Great to hear. Congrats, everyone. Thank you, Josh.
Your next question comes from a line of Brad Sills from Bank of America. Your line is open.
Oh, great. Thanks, guys, for taking my question. Congratulations on a real nice quarter and on the transaction here. I wanted to ask a question on Divi as well, please. Yeah, I see that they have a pretty good mix of business between small and mid-market. Obviously, Bill.com has been embarking on a move-up market already and seeing progress there. To what extent do you think this could accelerate that move-up market? Do you view this as more of a mid-market solution, or is it more balanced between the ability to cross-sell this into your small business space in addition to kind of bring you guys upmarket?
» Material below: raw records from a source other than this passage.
Lemma meixner_interleaved b m : 0 < b -> exists y z : nat -> R,
  [/\ meixner m.+1 b c = \prod_(i < m.+1) ('X - (y i)%:P),
      meixner m b c = \prod_(i < m) ('X - (z i)%:P) & interleaved m y z].
Proof.
move=> b_gt0; have b_nz j : b + j%:R != 0 by rewrite gt_eqF // ltr_wpDr.
elim: m => [|m [y [z [My Mz yz]]]].
  exists (fun=> meixner_b c b 0), (fun=> 0); split=> //.
  - by rewrite meixner1 ?big_ord1 ?gt_eqF.
  - by rewrite meixner0 big_ord0.
pose lambda := meixner_lambda c b m.+1.
have XMy_monic : ('X - (meixner_b c b m.+1)%:P) * meixner m.+1 b c \is monic.
  by rewrite My monicMl ?monicXsubC ?monic_prod_XsubC.
have size_XMy : size (('X - (meixner_b c b m.+1)%:P) * meixner m.+1 b c) = m.+3.
  rewrite size_monicM ?monicXsubC ?My ?monic_neq0 ?monic_prod_XsubC //.
  by rewrite size_XsubC size_prod_XsubC_ord.
have size_Mz : (size (lambda *: meixner m b c) < m.+3)%N.
  by rewrite (leq_ltn_trans (size_scale_leq _ _)) // Mz size_prod_XsubC_ord ltnS leqW.
have rec := meixner_rec c_gt0 c_lt1 m b_nz.
have size_P : size (meixner m.+2 b c) = m.+3.
  by rewrite rec size_polyDl ?size_polyN size_XMy.
have P_monic : meixner m.+2 b c \is monic.
  by rewrite monicE rec lead_coefDl ?size_polyN ?size_XMy //; apply/monicP.
have sgn_P j : (j < m.+1)%N -> 0 < (-1) ^+ (m.+1 - j) * (meixner m.+2 b c).[y j].
  move=> lt_jm; rewrite rec hornerD hornerN hornerZ hornerM My.
  rewrite (rootP (root_prod_XsubC_ord _ lt_jm)) mulr0 add0r subSn // exprS.
  rewrite mulN1r mulNr mulrN opprK.
  by rewrite mulrCA mulr_gt0 ?meixner_lambda_gt0 // Mz interleaved_sgn_inner.
have [incr_y _] := interleaved_increasing yz.
have [x [Mx xy]] := monic_interleaved_roots P_monic size_P incr_y sgn_P.
by exists x, y.
Qed.

Section ShiftedParameter.
Variables (beta : R) (m : nat) (y z : nat -> R).
Hypotheses (beta_nz : forall j, beta + j%:R != 0) (m_gt : beta / (c - 1) < m.+1%:R).
Hypotheses (My : meixner m.+1 (beta + 2) c = \prod_(i < m.+1) ('X - (y i)%:P))
           (Mz : meixner m (beta + 2) c = \prod_(i < m) ('X - (z i)%:P))
           (yz : interleaved m y z).

Let C := (m.+1%:R * (1 - c) + beta) / (m.+1%:R + beta).
Let D := m.+1%:R * c / (m.+1%:R + beta).
Let A := A_n beta c m.+1.

Let C_num_gt0 : 0 < m.+1%:R * (1 - c) + beta.
Proof. by move: m_gt; rewrite ltr_ndivrMr ?subr_lt0 // => ?; lra. Qed.

Let CD_den_gt0 : 0 < m.+1%:R + beta.
Proof. have : 0 < m.+1%:R * c by rewrite mulr_gt0. have := C_num_gt0. lra. Qed.

Let C_gt0 : 0 < C. Proof. exact: divr_gt0. Qed.
Let D_gt0 : 0 < D. Proof. by rewrite divr_gt0 ?mulr_gt0. Qed.

Let contiguous : meixner m.+1 beta c =
  C *: \prod_(i < m.+1) ('X - (y i)%:P)
  + D *: (('X - A%:P) * \prod_(i < m) ('X - (z i)%:P)).
Proof. by rewrite -My -Mz meixner_contiguous. Qed.

Lemma meixner_shift_interleaved : exists x : nat -> R,
  meixner m.+1 beta c = \prod_(i < m.+1) ('X - (x i)%:P) /\ interleaved m x z.
Proof.
have XAMz_monic : ('X - A%:P) * \prod_(i < m) ('X - (z i)%:P) \is monic.
  by rewrite monicMl ?monicXsubC ?monic_prod_XsubC.
have size_XAMz : size (('X - A%:P) * \prod_(i < m) ('X - (z i)%:P)) = m.+2.
  rewrite size_monicM ?monicXsubC ?monic_neq0 ?monic_prod_XsubC //.
  by rewrite size_XsubC size_prod_XsubC_ord.
have CD1 : C + D = 1 by rewrite /C /D; field; rewrite nat1r gt_eqF.
have My_monic : \prod_(i < m.+1) ('X - (y i)%:P) \is monic by exact: monic_prod_XsubC.
have /andP[P_monic /eqP size_P] := monic_affine My_monic XAMz_monic
  (etrans (size_prod_XsubC_ord y m.+1) (esym size_XAMz)) CD1.
rewrite -contiguous size_prod_XsubC_ord in P_monic size_P.
have [_ incr_z] := interleaved_increasing yz.
apply: monic_interleaved_roots P_monic size_P incr_z _ => j lt_jm.
rewrite contiguous hornerD !hornerZ hornerM (rootP (root_prod_XsubC_ord _ lt_jm)).
rewrite !mulr0 addr0.
by rewrite mulrCA pmulr_rgt0 // interleaved_sgn_outer.
Qed.

Lemma meixner_shift_lt (x : nat -> R) :
  meixner m.+1 beta c = \prod_(i < m.+1) ('X - (x i)%:P) -> interleaved m x z ->
  forall i, (i <= m)%N -> (x i < y i) = (A_n beta c m.+1 < y i).
Proof.
move=> Mx xz i le_im; rewrite -(interleaved_sgn_cmp xz yz le_im) -Mx contiguous.
rewrite hornerD !hornerZ hornerM (rootP (root_prod_XsubC_ord _ (le_im : (i < m.+1)%N))).
rewrite mulr0 add0r hornerXsubC.
by rewrite mulrCA pmulr_rgt0 // mulrCA pmulr_lgt0 ?subr_gt0 // interleaved_sgn_inner.
Qed.

End ShiftedParameter.

Lemma meixner_zeros_interlace beta n :
  0 < beta + 2 -> (forall j, beta + j%:R != 0) -> (0 < n)%N -> beta / (c - 1) < n%:R ->
  exists xs ys, [/\ zeros_enum (meixner n beta c) n xs,
                    zeros_enum (meixner n (beta + 2) c) n ys, 0 < ys`_0
                  & interlace n xs ys <-> A_n beta c n < ys`_0].
Proof.
move=> beta2_gt0 beta_nz; case: n => [//|m] _ m_gt.
have [y [z [My Mz yz]]] := meixner_interleaved m beta2_gt0.
have [x [Mx xz]] := meixner_shift_interleaved beta_nz m_gt My Mz yz.
have x_lt := meixner_shift_lt beta_nz m_gt My Mz yz Mx xz.
have [[incr_x _] [incr_y _]] := (interleaved_increasing xz, interleaved_increasing yz).
exists (mkseq x m.+1), (mkseq y m.+1); rewrite Mx My !nth_mkseq //.
split; [exact: zeros_enum_prod_XsubC | exact: zeros_enum_prod_XsubC | |].
  rewrite ltNge; apply/negP => y0_le0.
  have := sgn_meixner_nonpos c_gt0 c_lt1 m.+1 beta2_gt0 y0_le0.
  by rewrite My (rootP (root_prod_XsubC_ord _ (ltn0Sn m))) mulr0 ltxx.
split=> [xy | A_lt_y0 i lt_im].
  by rewrite -x_lt //; have [+ _] := xy 0%N (ltn0Sn m); rewrite !nth_mkseq.
rewrite [(mkseq x _)`_i]nth_mkseq // [(mkseq y _)`_i]nth_mkseq // x_lt //.
rewrite (lt_le_trans A_lt_y0 (increasing_le incr_y (leq0n i) lt_im)).
split=> // lt_i1m; rewrite nth_mkseq //.
by have [/andP[lt_yz _] /andP[_ lt_zx]] := (yz i lt_i1m, xz i lt_i1m); apply: lt_trans lt_zx.
Qed.

End MeixnerZeros.

Lemma eq_nat_in_unit_interval (R : realDomainType) (a : R) n1 n2 :
  a < n1%:R < a + 1 -> a < n2%:R < a + 1 -> n1 = n2.
Proof.
move=> /andP[lo1 hi1] /andP[lo2 hi2].
wlog lt12 : n1 n2 lo1 hi1 lo2 hi2 / (n1 < n2)%N.
  by move=> wlog; case: (ltngtP n1 n2) => // [/wlog|/wlog/esym]; apply.
have : n1%:R + 1 <= n2%:R :> R by rewrite natr1 ler_nat.
by clear lt12 => ?; exfalso; lra.
Qed.

Unset Implicit Arguments.

Theorem theorem4p4 (R : rcfType) (beta c : R) :
  -2 < beta -> beta < -1 -> 0 < c -> c < 1 ->
  (* (a) *)
  (forall n : nat, (3 <= n)%N ->
     beta / (c - 1) - (beta + 1) <= n%:R ->
     A_n beta c n <= 0 /\
     (exists xs ys, zeros_enum (meixner n beta c) n xs /\
                    zeros_enum (meixner n (beta + 2) c) n ys) /\
     (forall xs ys, zeros_enum (meixner n beta c) n xs ->
                    zeros_enum (meixner n (beta + 2) c) n ys ->
                    interlace n xs ys))
  /\
  (* (b) *)
  ((forall n1 n2 : nat, (3 <= n1)%N -> (3 <= n2)%N ->
      beta / (c - 1) - (beta + 2) < n1%:R -> n1%:R < beta / (c - 1) - (beta + 1) ->
      beta / (c - 1) - (beta + 2) < n2%:R -> n2%:R < beta / (c - 1) - (beta + 1) ->
      n1 = n2) /\
   (forall ns : nat, (3 <= ns)%N ->
      beta / (c - 1) - (beta + 2) < ns%:R -> ns%:R < beta / (c - 1) - (beta + 1) ->
      0 < A_n beta c ns /\ A_n beta c ns < 1 /\
      (beta / (c - 1) < ns%:R ->
         (exists xs ys, zeros_enum (meixner ns beta c) ns xs /\
                        zeros_enum (meixner ns (beta + 2) c) ns ys) /\
         (forall xs ys, zeros_enum (meixner ns beta c) ns xs ->
                        zeros_enum (meixner ns (beta + 2) c) ns ys ->
                        (interlace ns xs ys <-> A_n beta c ns < ys`_0))))).
Proof.
move=> beta_gt beta_lt c_gt0 c_lt1.
have beta2_gt0 : 0 < beta + 2 by lra.
have beta_nz j : beta + j%:R != 0.
  case: j => [|[|j]]; [rewrite addr0 lt_eqF | rewrite lt_eqF |
    rewrite gt_eqF // -!natr1; have := ler0n R j] => //; lra.
have zeros n (n_ge3 : (3 <= n)%N) :=
  meixner_zeros_interlace c_gt0 c_lt1 beta2_gt0 beta_nz (leq_trans (isT : (0 < 3)%N) n_ge3).
split=> [n n_ge3 n_ge | ].
  have [|xs [ys [Mxs Mys ys0_gt0 interlaceE]]] := zeros n n_ge3; first lra.
  split; first by rewrite /A_n; lra.
  split=> [|xs' ys' /(zeros_enum_uniq Mxs) <- /(zeros_enum_uniq Mys) <-].
    by exists xs, ys.
  by apply/interlaceE/(le_lt_trans _ ys0_gt0); rewrite /A_n; lra.
split=> [n1 n2 _ _ lo1 hi1 lo2 hi2 | n n_ge3 lo hi].
  by apply: (@eq_nat_in_unit_interval _ (beta / (c - 1) - (beta + 2)));
    apply/andP; split; lra.
split; first by rewrite /A_n; lra.
split=> [|n_gt]; first by rewrite /A_n; lra.
have [xs [ys [Mxs Mys _ interlaceE]]] := zeros n n_ge3 n_gt.
split=> [|xs' ys' /(zeros_enum_uniq Mxs) <- /(zeros_enum_uniq Mys) <- //]; by exists xs, ys.
Qed.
Yeah, one of the things that we've said all along around the pull into the mid-market is that we serve customers of all sizes, and as we get scale, they ask us to build more functionality, and we find better ways to reach them. So For us, it is a broad cross-section of businesses across the country, both in industry and size, that actually we serve. And when we looked at the customer data that we had, obviously with Divi, as well as when we talked to Blake and his team and the customer data they have, we saw a lot of alignment with customer base. So this isn't going to change our focus. We're going to continue to serve all businesses that want and need a solution to automate their financial operations, which we think is all businesses. We will continue to build features for each of the segments that we serve, but this isn't something that's going to accelerate. It's just going to allow us to continue to monetize in a very meaningful way.
That's great. Thanks, Rene. And then one, if I may, on the transaction revenue this quarter was tremendous. And, you know, you called out vCard and cross-border transactions. you know, in the past, you had, you know, last couple quarters, you've seen some traction with the supplier enablement capability and really driving adoption of vCard. You know, my question is, you guys feel like you're hitting your stride here in terms of in-product promotion. This is a relatively new, you know, sales motion for the firm with supplier enablement capabilities, and really what you're seeing, you know, it sounds like it's traction within product promotion. It seems like you're really hitting your stride there. So, You know, where does this go from here and any commentary on kind of that sales motion and how that's tracking?
It's an excellent call out. And, you know, I guess I would just start with at the beginning of the script, you know, I talked about how I had to thank the employees for just really, you know, the rigorous execution and just delivering an amazing quarter. And it's something that, you know, that we see every day that, you know, we are getting better at everything that we do. and that's such an important part of scaling a business and serving the SMBs all over this country, is that you have to be able to know that you can get better and demonstrate that you can get better. And that's something that we've been doing. And having the results that we had this quarter, I think, is a real testament to the team and everything that they're learning. And I would agree that we are learning how to essentially cross-sell our own internal products, which is a great lead-in to the opportunity that we have with Divi. And, you know, once the transaction closes, we are going to focus very aggressively on how do we cross-sell their great solution. It's elegant. It's really simple. How do we cross-sell that solution into the 115,000 customers we have and make their lives even better? And that's something that, you know, we're excited about. And, you know, as we've gotten to know Blake and his team, like they have the same passion and thirst for rigorous execution. Like they love to execute well. They love to actually knock it out of the park. And that's something that's going to be fun to do together.
exciting. Thanks, Rene.
Thank you.
Our next question comes from a line of Brent Braceland from Piper Sandler. Your line is open.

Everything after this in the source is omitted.